# Homemade axle holder - any suggestions?



## goatman (Nov 14, 2004)

I need an axle holder to hold my hub axles securely clamped in my vice without damaging them.
Unfortunately I haven't been able to find a Park Tool axle holder AV-1(see attached jpg.)
Any way to make an axle holder yourself?


----------



## KevinB (Oct 5, 2004)

goatman said:


> I need an axle holder to hold my hub axles securely clamped in my vice without damaging them.
> Unfortunately I haven't been able to find a Park Tool axle holder AV-1(see attached jpg.)
> Any way to make an axle holder yourself?


I haven't actually tried this, but here's an idea...

Take a couple of blocks of soft metal, or perhaps even a hardwood (like oak). Clamp these blocks together in a vice and drill a hole into the crack between the blocks. The diameter of the drill bit should be slightly smaller than that of the axle that you want to clamp. The hole should be drilled in such a way that you end up with a half cylinderical cutout in each of the blocks when you're done.

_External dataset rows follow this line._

(* If the system $\dot{z}(t) = A_{-1}\dot{z}(t-1)+L z_t+Bu$, $t\ge 0$, is exactly controllable at time $T$, then for any matrix $P\in\mathbb{C}^{r\times n}$ the perturbed system $$\dot z(t) = (A_{-1}+BP)\dot z(t-1) + L z_t + Bu$$ is exactly controllable at the same time $T$.
   Context: Consider the neutral type time-delay system $\dot{z}(t) = A_{-1}\dot{z}(t-1)+L z_t+Bu$, $t\ge 0$, where $A_{-1}\in\mathbb{R}^{n\times n}$, $B\in\mathbb{R}^{n\times r}$ are constant matrices, $z_t:[-1,0]\to\mathbb{C}^n$ is the history $z_t(s)=z(t+s)$, and the delay operator is $L f=\int_{-1}^0 A_2(\theta)\frac{\mathrm{d}}{\mathrm{d}\theta}f(\theta)\,\mathrm{d}\theta+\int_{-1}^0 A_3(\theta)f(\theta)\,\mathrm{d}\theta$, with $A_2,A_3$ $n\times n$ matrices whose entries belong to $L_2([-1,0],\mathbb{C})$. The system is said to be exactly controllable at time $T$ if for every $f\in H^1(T-1,T;\mathbb{C}^n)$ there exists a control $u\in L_2(0,T;\mathbb{C}^r)$ such that the solution with zero initial condition $z(t)=0$, $t\in[-1,0]$, satisfies $z(t)=f(t)$ for $t\in[T-1,T]$ (equivalently, the reachability set from $0$ at time $T$ of the associated operator model on $M_2=\mathbb{C}^n\times L_2(-1,0;\mathbb{C}^n)$ equals the domain $\mathcal{D}(\mathcal{A})$ of the system operator). *)

From HB Require Import structures.
From mathcomp Require Import all_boot all_order all_algebra.
From mathcomp Require Import all_classical all_reals all_analysis.
From mathcomp.real_closed Require Import complex.

Set Implicit Arguments.
Unset Strict Implicit.
Unset Printing Implicit Defensive.

Import Order.TTheory GRing.Theory Num.Theory.
Local Open Scope classical_set_scope.
Local Open Scope ring_scope.

Section Defs.
Variable R : realType.
Local Notation C := R[i].
Local Notation mu := (@lebesgue_measure R).

Definition cint (D : set R) (f : R -> C) : C :=
  Complex (Rintegral mu D (fun x => complex.Re (f x))) (Rintegral mu D (fun x => complex.Im (f x))).

Definition L2c (a b : R) (f : R -> C) : Prop :=
  [/\ measurable_fun `[a, b] (fun x => complex.Re (f x)),
      measurable_fun `[a, b] (fun x => complex.Im (f x)) &
      (\int[mu]_(x in `[a, b]) ((complex.Re (f x)) ^+ 2 + (complex.Im (f x)) ^+ 2)%:E < +oo)%E].

Definition L2v (m : nat) (a b : R) (f : R -> 'cV[C]_m) : Prop :=
  forall i : 'I_m, L2c a b (fun x => f x i 0).

Definition cintv (m : nat) (D : set R) (f : R -> 'cV[C]_m) : 'cV[C]_m :=
  \col_i cint D (fun x => f x i 0).

Definition H1v (m : nat) (a b : R) (f : R -> 'cV[C]_m) : Prop :=
  exists g : R -> 'cV[C]_m, L2v a b g /\
    forall t, a <= t <= b -> f t = f a + cintv `[a, t] g.

(* L z_t = int_{-1}^0 A2(th) zdot(t+th) dth + int_{-1}^0 A3(th) z(t+th) dth,
   where w is the derivative of z *)
Definition delayL (n : nat) (A2 A3 : 'I_n -> 'I_n -> R -> C)
    (z w : R -> 'cV[C]_n) (t : R) : 'cV[C]_n :=
  \col_i \sum_j (cint `[-1, 0] (fun th => A2 i j th * w (t + th) j 0)
               + cint `[-1, 0] (fun th => A3 i j th * z (t + th) j 0)).

(* z is the (H^1) solution on [-1,T] of
     zdot(t) = Am1 zdot(t-1) + L z_t + B u(t),  t in [0,T],
   with zero initial condition z = 0 on [-1,0] *)
Definition is_solution (n r : nat) (Am1 : 'M[C]_n) (B : 'M[C]_(n, r))
    (A2 A3 : 'I_n -> 'I_n -> R -> C) (T : R)
    (u : R -> 'cV[C]_r) (z : R -> 'cV[C]_n) : Prop :=
  exists w : R -> 'cV[C]_n,
    [/\ L2v (-1) T w,
        (forall t, -1 <= t <= T -> z t = cintv `[-1, t] w),
        (forall t, -1 <= t <= 0 -> z t = 0) &
        {ae mu, forall t, 0 <= t <= T ->
            w t = Am1 *m w (t - 1) + delayL A2 A3 z w t + B *m u t}].

Definition exactly_controllable (n r : nat) (Am1 : 'M[C]_n) (B : 'M[C]_(n, r))
    (A2 A3 : 'I_n -> 'I_n -> R -> C) (T : R) : Prop :=
  forall f : R -> 'cV[C]_n, H1v (T - 1) T f ->
    exists u : R -> 'cV[C]_r, L2v 0 T u /\
      exists z : R -> 'cV[C]_n, is_solution Am1 B A2 A3 T u z /\
        forall t, T - 1 <= t <= T -> z t = f t.

End Defs.

Definition cmx (R : realType) (m k : nat) (M : 'M[R]_(m, k)) : 'M[R[i]]_(m, k) :=
  map_mx (fun x => Complex x 0) M.

(** The perturbation [B P zdot(t-1)] lies in the range of [B], so it can be
    absorbed into the control: if [u] steers the original system along [z],
    with [w = zdot], then the feedback control [u(t) - P w(t-1)] steers the
    perturbed system along the same trajectory [z]. It remains to see that this
    control is again in [L_2(0,T)], which holds because [w] is in [L_2(-1,T)]
    and [L_2] is stable under sums, constant matrices and translations. *)

From HB Require Import structures.
From mathcomp Require Import all_boot all_order all_algebra.
From mathcomp Require Import all_classical all_reals all_analysis measurable_realfun.
From mathcomp.real_closed Require Import complex.
From mathcomp Require Import lra.

Set Implicit Arguments.
Unset Strict Implicit.
Unset Printing Implicit Defensive.

Import Order.TTheory GRing.Theory Num.Theory.
Local Open Scope classical_set_scope.
Local Open Scope ring_scope.

Section L2_real.
Variable R : realType.
Local Notation mu := (@lebesgue_measure R).

Definition L2r (a b : R) (h : R -> R) : Prop :=
  measurable_fun `[a, b] h /\ (\int[mu]_(x in `[a, b]) (h x ^+ 2)%:E < +oo)%E.

Lemma measurable_EFin_sqr (D : set R) (h : R -> R) : measurable_fun D h ->
  measurable_fun D (fun x => (h x ^+ 2)%:E).
Proof. by move=> mh; apply/measurable_EFinP; exact: measurable_funX. Qed.

Lemma L2r_ext (a b : R) (h g : R -> R) : h =1 g -> L2r a b h -> L2r a b g.
Proof. by move=> /funext ->. Qed.

Lemma EFin_sqr_ge0 (x : R) : (0 <= (x ^+ 2)%:E)%E.
Proof. by rewrite lee_fin sqr_ge0. Qed.

Lemma L2rD (a b : R) (h g : R -> R) :
  L2r a b h -> L2r a b g -> L2r a b (fun x => h x + g x).
Proof.
move=> [mh ih] [mg ig]; split; first exact: measurable_funD.
have mhg : measurable_fun `[a, b] (fun x => (h x ^+ 2)%:E + (g x ^+ 2)%:E)%E.
  by apply: emeasurable_funD; exact: measurable_EFin_sqr.
(* (h + g)^2 <= 2 (h^2 + g^2) *)
apply: (le_lt_trans (y := (\int[mu]_(x in `[a, b]) ((h x ^+ 2)%:E + (g x ^+ 2)%:E)
   + \int[mu]_(x in `[a, b]) ((h x ^+ 2)%:E + (g x ^+ 2)%:E))%E)).
  rewrite -ge0_integralD //; last 2 first.
  - by move=> *; apply: adde_ge0; exact: EFin_sqr_ge0.
  - by move=> *; apply: adde_ge0; exact: EFin_sqr_ge0.
  apply: ge0_le_integral => //.
  - by move=> *; exact: EFin_sqr_ge0.
  - by apply: measurable_EFin_sqr; exact: measurable_funD.
  - exact: emeasurable_funD.
  move=> x _; rewrite -!EFinD lee_fin.
  by have := sqr_ge0 (h x - g x); rewrite sqrrB sqrrD; lra.
have ihg : (\int[mu]_(x in `[a, b]) ((h x ^+ 2)%:E + (g x ^+ 2)%:E) < +oo)%E.
  rewrite ge0_integralD //; try by move=> *; exact: EFin_sqr_ge0.
  - exact: lte_add_pinfty.
  - exact: measurable_EFin_sqr.
  - exact: measurable_EFin_sqr.
exact: lte_add_pinfty.
Qed.

Lemma L2rMl (a b c : R) (h : R -> R) : L2r a b h -> L2r a b (fun x => c * h x).
Proof.
move=> [mh ih]; split; first exact: measurable_funM.
under eq_integral do rewrite exprMn EFinM.
rewrite ge0_integralZl //.
- by apply: lte_mul_pinfty => //; exact: EFin_sqr_ge0.
- exact: measurable_EFin_sqr.
- by move=> *; exact: EFin_sqr_ge0.
- exact: EFin_sqr_ge0.
Qed.

Lemma L2r_subitv (a b a' b' : R) (h : R -> R) :
  a <= a' -> b' <= b -> L2r a b h -> L2r a' b' h.
Proof.
move=> aa' b'b [mh ih].
have sub : `[a', b'] `<=` (`[a, b] : set R).
  by move=> x /=; rewrite !in_itv /= => /andP[? ?]; apply/andP; split; lra.
split; first exact: measurable_funS mh.
apply: le_lt_trans ih; apply: ge0_subset_integral => //.
- exact: measurable_EFin_sqr.
- by move=> *; exact: EFin_sqr_ge0.
Qed.

Lemma measurable_addr (c : R) : measurable_fun setT (fun x : R => x + c).
Proof. by apply: measurable_funD => //; exact: measurable_cst. Qed.

Lemma lebesgue_measureD (c : R) (A : set R) : measurable A ->
  pushforward mu ((fun x : R => x + c) : R -> measurableTypeR R) A = mu A.
Proof.
move=> mA; apply/esym/lebesgue_measure_unique => //=; first exact: measurable_addr.
move=> _ _ [[a b]] _ <-; rewrite /pushforward.
have -> : (fun x : R => x + c) @^-1` `]a, b] = `]a - c, b - c]%classic.
  by apply/seteqP; split => x /=; rewrite !in_itv /= lerBrDr ltrBlDr.
rewrite !lebesgue_measure_itv /= !lte_fin ltrD2r -!EFinD.
by rewrite opprB addrA subrK addrC.
Qed.

Lemma L2r_shift (a b c : R) (h : R -> R) :
  L2r a b h -> L2r (a + c) (b + c) (fun t => h (t - c)).
Proof.
move=> [mh ih].
have shift_itv : (fun t : R => t - c) @^-1` `[a, b] = `[a + c, b + c]%classic.
  by apply/seteqP; split => x /=; rewrite !in_itv /= lerBrDr lerBlDr.
have mshift : measurable_fun setT (fun t : R => t - c) := measurable_addr (- c).
split.
  have sub : (fun t : R => t - c) @` `[a + c, b + c] `<=` `[a, b].
    by rewrite -shift_itv => _ [t + <-].
  exact: measurable_comp (measurable_itv _) sub mh (measurable_funS _ _ mshift).
suff -> : (\int[mu]_(x in `[(a + c)%R, (b + c)%R]) (h (x - c) ^+ 2)%:E =
           \int[mu]_(x in `[a, b]) (h x ^+ 2)%:E)%E by [].
pose shift_mu := pushforward mu ((fun t : R => t - c)%R : R -> measurableTypeR R).
transitivity (\int[shift_mu]_(x in `[a, b]) (h x ^+ 2)%:E)%E.
  rewrite ge0_integral_pushforward //= ?shift_itv //.
  - exact: measurable_EFin_sqr.
  - by move=> *; exact: EFin_sqr_ge0.
apply: eq_measure_integral => // A mA _; exact: lebesgue_measureD.
Qed.

End L2_real.

Section L2_complex.
Variable R : realType.
Local Notation C := R[i].

Lemma L2cP (a b : R) (f : R -> C) : L2c a b f <->
  L2r a b (fun x => complex.Re (f x)) /\ L2r a b (fun x => complex.Im (f x)).
Proof.
split.
- case=> mr mi fin.
  have mE : measurable_fun `[a, b]
      (fun x => ((complex.Re (f x)) ^+ 2 + (complex.Im (f x)) ^+ 2)%:E).
    by apply/measurable_EFinP; apply: measurable_funD; exact: measurable_funX.
  split; split => //; apply: le_lt_trans fin; apply: ge0_le_integral => //;
    try (by move=> *; exact: EFin_sqr_ge0); try exact: measurable_EFin_sqr.
  + by move=> x _; rewrite lee_fin lerDl sqr_ge0.
  + by move=> x _; rewrite lee_fin lerDr sqr_ge0.
- case=> [[mr ir] [mi ii]]; split => //.
  under eq_integral do rewrite EFinD.
  rewrite ge0_integralD //; first exact: lte_add_pinfty.
  all: by [move=> *; exact: EFin_sqr_ge0 | exact: measurable_EFin_sqr].
Qed.

Lemma L2cD (a b : R) (f g : R -> C) :
  L2c a b f -> L2c a b g -> L2c a b (fun x => f x + g x).
Proof.
move=> /L2cP[fr fi] /L2cP[gr gi]; apply/L2cP.
split; [apply: L2r_ext (L2rD fr gr) | apply: L2r_ext (L2rD fi gi)].
all: by move=> x; case: (f x); case: (g x).
Qed.

Lemma L2cMl (a b : R) (c : C) (f : R -> C) : L2c a b f -> L2c a b (fun x => c * f x).
Proof.
move=> /L2cP[fr fi]; apply/L2cP; split.
- apply: L2r_ext (L2rD (L2rMl (complex.Re c) fr) (L2rMl (- complex.Im c) fi)) => x.
  by case: c => ? ?; case: (f x) => ? ? /=; rewrite mulNr.
- apply: L2r_ext (L2rD (L2rMl (complex.Re c) fi) (L2rMl (complex.Im c) fr)) => x.
  by case: c => ? ?; case: (f x).
Qed.

Lemma L2c0 (a b : R) : L2c a b (fun _ => 0).
Proof.
apply/L2cP; split; split => /=; try exact: measurable_cst;
  (under eq_integral do rewrite expr0n /=); rewrite integral0 //.
Qed.

Lemma L2c_sum (a b : R) (I : Type) (s : seq I) (F : I -> R -> C) :
  (forall j, L2c a b (F j)) -> L2c a b (fun x => \sum_(j <- s) F j x).
Proof.
move=> HF; elim: s => [|j s IH].
  by under eq_fun do rewrite big_nil; exact: L2c0.
by under eq_fun do rewrite big_cons; exact: L2cD.
Qed.

Lemma L2c_subitv (a b a' b' : R) (f : R -> C) :
  a <= a' -> b' <= b -> L2c a b f -> L2c a' b' f.
Proof.
by move=> aa' b'b /L2cP[fr fi]; apply/L2cP; split; exact: (L2r_subitv aa' b'b).
Qed.

Lemma L2c_shift (a b c : R) (f : R -> C) :
  L2c a b f -> L2c (a + c) (b + c) (fun t => f (t - c)).
Proof.
by move=> /L2cP[fr fi]; apply/L2cP; split; exact: (L2r_shift _ (h := fun x => _ (f x))).
Qed.

Lemma L2vD (m : nat) (a b : R) (f g : R -> 'cV[C]_m) :
  L2v a b f -> L2v a b g -> L2v a b (fun x => f x + g x).
Proof. by move=> Lf Lg i; under eq_fun do rewrite mxE; exact: L2cD. Qed.

Lemma L2v_mulmx (m k : nat) (a b : R) (M : 'M[C]_(k, m)) (f : R -> 'cV[C]_m) :
  L2v a b f -> L2v a b (fun x => M *m f x).
Proof.
move=> Lf i; under eq_fun do rewrite mxE.
by apply: L2c_sum => j; exact: L2cMl.
Qed.

Lemma L2v_subitv (m : nat) (a b a' b' : R) (f : R -> 'cV[C]_m) :
  a <= a' -> b' <= b -> L2v a b f -> L2v a' b' f.
Proof. by move=> aa' b'b Lf i; exact: L2c_subitv (Lf i). Qed.

Lemma L2v_shift (m : nat) (a b c : R) (f : R -> 'cV[C]_m) :
  L2v a b f -> L2v (a + c) (b + c) (fun t => f (t - c)).
Proof. by move=> Lf i; exact: (L2c_shift _ (Lf i)). Qed.

Lemma L2v_delayed_feedback (m k : nat) (T : R) (P : 'M[C]_(k, m))
    (u : R -> 'cV[C]_k) (w : R -> 'cV[C]_m) :
  L2v 0 T u -> L2v (-1) T w -> L2v 0 T (fun t => u t - P *m w (t - 1)).
Proof.
move=> Lu Lw; under eq_fun do rewrite -mulNmx.
apply: L2vD Lu (L2v_mulmx _ _); apply: (@L2v_subitv _ (-1 + 1) (T + 1)).
- by rewrite addNr.
- by rewrite lerDl.
- exact: L2v_shift.
Qed.

End L2_complex.

(* The delayed feedback [u(t) - P w(t-1)] turns [(Am1 + B P) w(t-1) + B u(t)]
   back into [Am1 w(t-1) + B u(t)]. *)
Lemma is_solution_feedback (R : realType) (n r : nat) (Am1 : 'M[R[i]]_n)
    (B : 'M[R[i]]_(n, r)) (A2 A3 : 'I_n -> 'I_n -> R -> R[i]) (T : R)
    (P : 'M[R[i]]_(r, n)) (u : R -> 'cV[R[i]]_r) (z : R -> 'cV[R[i]]_n) :
  L2v 0 T u -> is_solution Am1 B A2 A3 T u z ->
  exists2 v, L2v 0 T v & is_solution (Am1 + B *m P) B A2 A3 T v z.
Proof.
move=> Lu [w [Lw zw z0 ode]].
exists (fun t => u t - P *m w (t - 1)); first exact: L2v_delayed_feedback.
exists w; split => //.
apply: (filterS (F := almost_everywhere _)) ode => t ode_t /ode_t ->.
rewrite mulmxDl mulmxBr mulmxA -!addrA; congr (_ + _).
by rewrite addrCA; congr (_ + _); rewrite addrC subrK.
Qed.

Theorem lemma1 (R : realType) (n r : nat) (Am1 : 'M[R]_n) (B : 'M[R]_(n, r))
    (A2 A3 : 'I_n -> 'I_n -> R -> R[i]) (T : R) (P : 'M[R[i]]_(r, n)) :
  (forall i j, L2c (-1) 0 (A2 i j)) ->
  (forall i j, L2c (-1) 0 (A3 i j)) ->
  exactly_controllable (cmx Am1) (cmx B) A2 A3 T ->
  exactly_controllable (cmx Am1 + cmx B *m P) (cmx B) A2 A3 T.
Proof.
move=> _ _ ctrl f Hf.
have [u [Lu [z [sol_z zf]]]] := ctrl f Hf.
have [v Lv sol_v] := is_solution_feedback P Lu sol_z.
by exists v; split => //; exists z.
Qed.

Place these blocks around the axle, clamp it in your vice and go to work.

If you try this, let me know how it goes.


----------



## Wombat (Jan 25, 2004)

It may not be what you want to do, but when adjusting axle cones I sit a 17mm ring spanner in the vice and then place the drive side axle nut in the spanner and adjust the cones from the other side. 

Wombat


----------



## supercorsa (Jan 18, 2004)

biketoolsetc.com has a half a dozen to choose from.

i'd give you a link, but for some reason links to specific items never work on their web site.

pull up the "tools" header (upper right side of the page), then pull up "hub and axle" (menu on the left side of the page), then select "axle vises" (third option down - same menu).

i've got the united unit, done right by me. i'm sure the park is a good unit as well, i've just never had an occasion to use one.


----------